In the Sami homeland on the Kola Peninsula in northwestern Russia, regional authorities closed a fifty-mile (eighty-kilometer) stretch of the Ponoi River (and other rivers) to local fishing and granted exclusive fishing rights to a commercial company offering catch-and-release fishing to sport fishers largely from abroad. This deprived the local Sami (see Article 21 of the Code of the Murmansk Oblast) of food for their families and community and of their traditional economic livelihood. Thus, closing the fishery to locals may have violated the test articulated by the U.N. Human Rights Committee and disregarded the Land Code, other legislative acts, and the 1992 Presidential decree. Sami are not only forbidden to fish in the eighty-kilometer stretch leased to the Ponoi River Company but are also required by regional laws to pay for licenses to catch a limited number of fish outside the lease area.

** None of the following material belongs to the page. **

(* Let $t$ be a well-behaved behavior. Then the set $\partial_{\simeq} t$ of dissimilar descendants of $t$ is finite; equivalently, the set of descendants of $t$ contains only finitely many $\simeq$-equivalence classes.
   Context: Let $\Sigma$ be a finite alphabet. Behaviors are the terms generated by $r,s ::= \phi \mid \varepsilon \mid x\ (x\in\Sigma) \mid r+s \mid r\cdot s \mid r^* \mid \mathrm{fork}(r)$. For words $v,w\in\Sigma^*$ the shuffle $v\| w\subseteq \Sigma^*$ is defined by $\varepsilon\|w=\{w\}$, $v\|\varepsilon=\{v\}$, $xv\|yw=\{x\}\cdot(v\|yw)\cup\{y\}\cdot(xv\|w)$ for $x,y\in\Sigma$, and it is lifted to languages by $L\|M=\bigcup_{v\in L,w\in M} v\|w$; $L\cdot M$ denotes concatenation of languages. For $K\subseteq\Sigma^*$ the trace language $L(r,K)\subseteq\Sigma^*$ is defined by structural recursion: $L(\phi,K)=\emptyset$, $L(\varepsilon,K)=K$, $L(x,K)=\{x\}\cdot K$, $L(r+s,K)=L(r,K)\cup L(s,K)$, $L(r\cdot s,K)=L(r,L(s,K))$, $L(r^*,K)$ is the least fixpoint (w.r.t. $\subseteq$) of the monotone map $X\mapsto L(r,X)\cup K$, and $L(\mathrm{fork}(r),K)=L(r)\|K$, where $L(r)=L(r,\{\varepsilon\})$. Semantic containment: $r\sqsubseteq s$ iff $L(r,K)\subseteq L(s,K)$ for all $K\subseteq\Sigma^*$. The concurrent part $\mathcal C(r)$ is the behavior defined by: $\mathcal C(\phi)=\phi$, $\mathcal C(\varepsilon)=\varepsilon$, $\mathcal C(x)=\phi$, $\mathcal C(r+s)=\mathcal C(r)+\mathcal C(s)$, $\mathcal C(r\cdot s)=\mathcal C(r)\cdot\mathcal C(s)$, $\mathcal C(r^* )=\mathcal C(r)^*$, $\mathcal C(\mathrm{fork}(r))=\mathrm{fork}(r)$. The derivative $\partial_x r$ of a behavior $r$ by $x\in\Sigma$ is the behavior defined by: $\partial_x\phi=\phi$, $\partial_x\varepsilon=\phi$, $\partial_x y=\varepsilon$ if $y=x$ and $\phi$ otherwise, $\partial_x(r+s)=\partial_x r+\partial_x s$, $\partial_x(r\cdot s)=\partial_x r\cdot s+\mathcal C(r)\cdot\partial_x s$, $\partial_x(r^* )=\partial_x r\cdot r^*$, $\partial_x(\mathrm{fork}(r))=\mathrm{fork}(\partial_x r)$; it is extended to words by $\partial_\varepsilon r=r$ and $\partial_{xw}r=\partial_w(\partial_x r)$. A descendant of $r$ is any behavior $\partial_w r$ with $w\in\Sigma^*$; $\partial r$ denotes the set of descendants of $r$. Similarity $\simeq$ is the smallest relation on behaviors that is reflexive, symmetric, transitive, closed under contexts (if $s\simeq t$ then $E[s]\simeq E[t]$ for every context $E ::= [\,] \mid E^* \mid E\cdot s \mid r\cdot E \mid E+s \mid r+E \mid \mathrm{fork}(E)$, where $E[t]$ replaces the hole by $t$), and contains the axioms $r+(s+t)\simeq(r+s)+t$, $r+s\simeq s+r$, $r+r\simeq r$, $r+\phi\simeq r$, $\phi+r\simeq r$, $\varepsilon\cdot r\simeq r$, $r\cdot\varepsilon\simeq r$, $\varepsilon^*\simeq\varepsilon$, $\mathrm{fork}(\varepsilon)\simeq\varepsilon$, $\phi\cdot r\simeq\phi$, $r\cdot\phi\simeq\phi$, $\phi^*\simeq\varepsilon$, $\mathrm{fork}(\phi)\simeq\phi$. The set of dissimilar descendants $\partial_{\simeq} r$ is a set containing exactly one (arbitrarily chosen) representative of each $\simeq$-equivalence class of elements of $\partial r$. A behavior $t$ is well-behaved if every subterm of $t$ of the form $r^*$ satisfies $\mathcal C(\partial_w r)\sqsubseteq\varepsilon$ for all $w\in\Sigma^*$. *)

From mathcomp Require Import all_boot.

Residents of remote communities have neither the power nor the resources to demand enforcement of their rights. Here and elsewhere in the circumpolar north, the failure to apply laws for the protection of indigenous peoples leads to "criminalization" of local indigenous populations who cannot survive without "poaching" resources that should be accessible to them legally.

Although indigenous leaders in Russia have occasionally asserted indigenous rights to land and resources, to date there has been no serious or sustained discussion of indigenous group rights to ownership of land.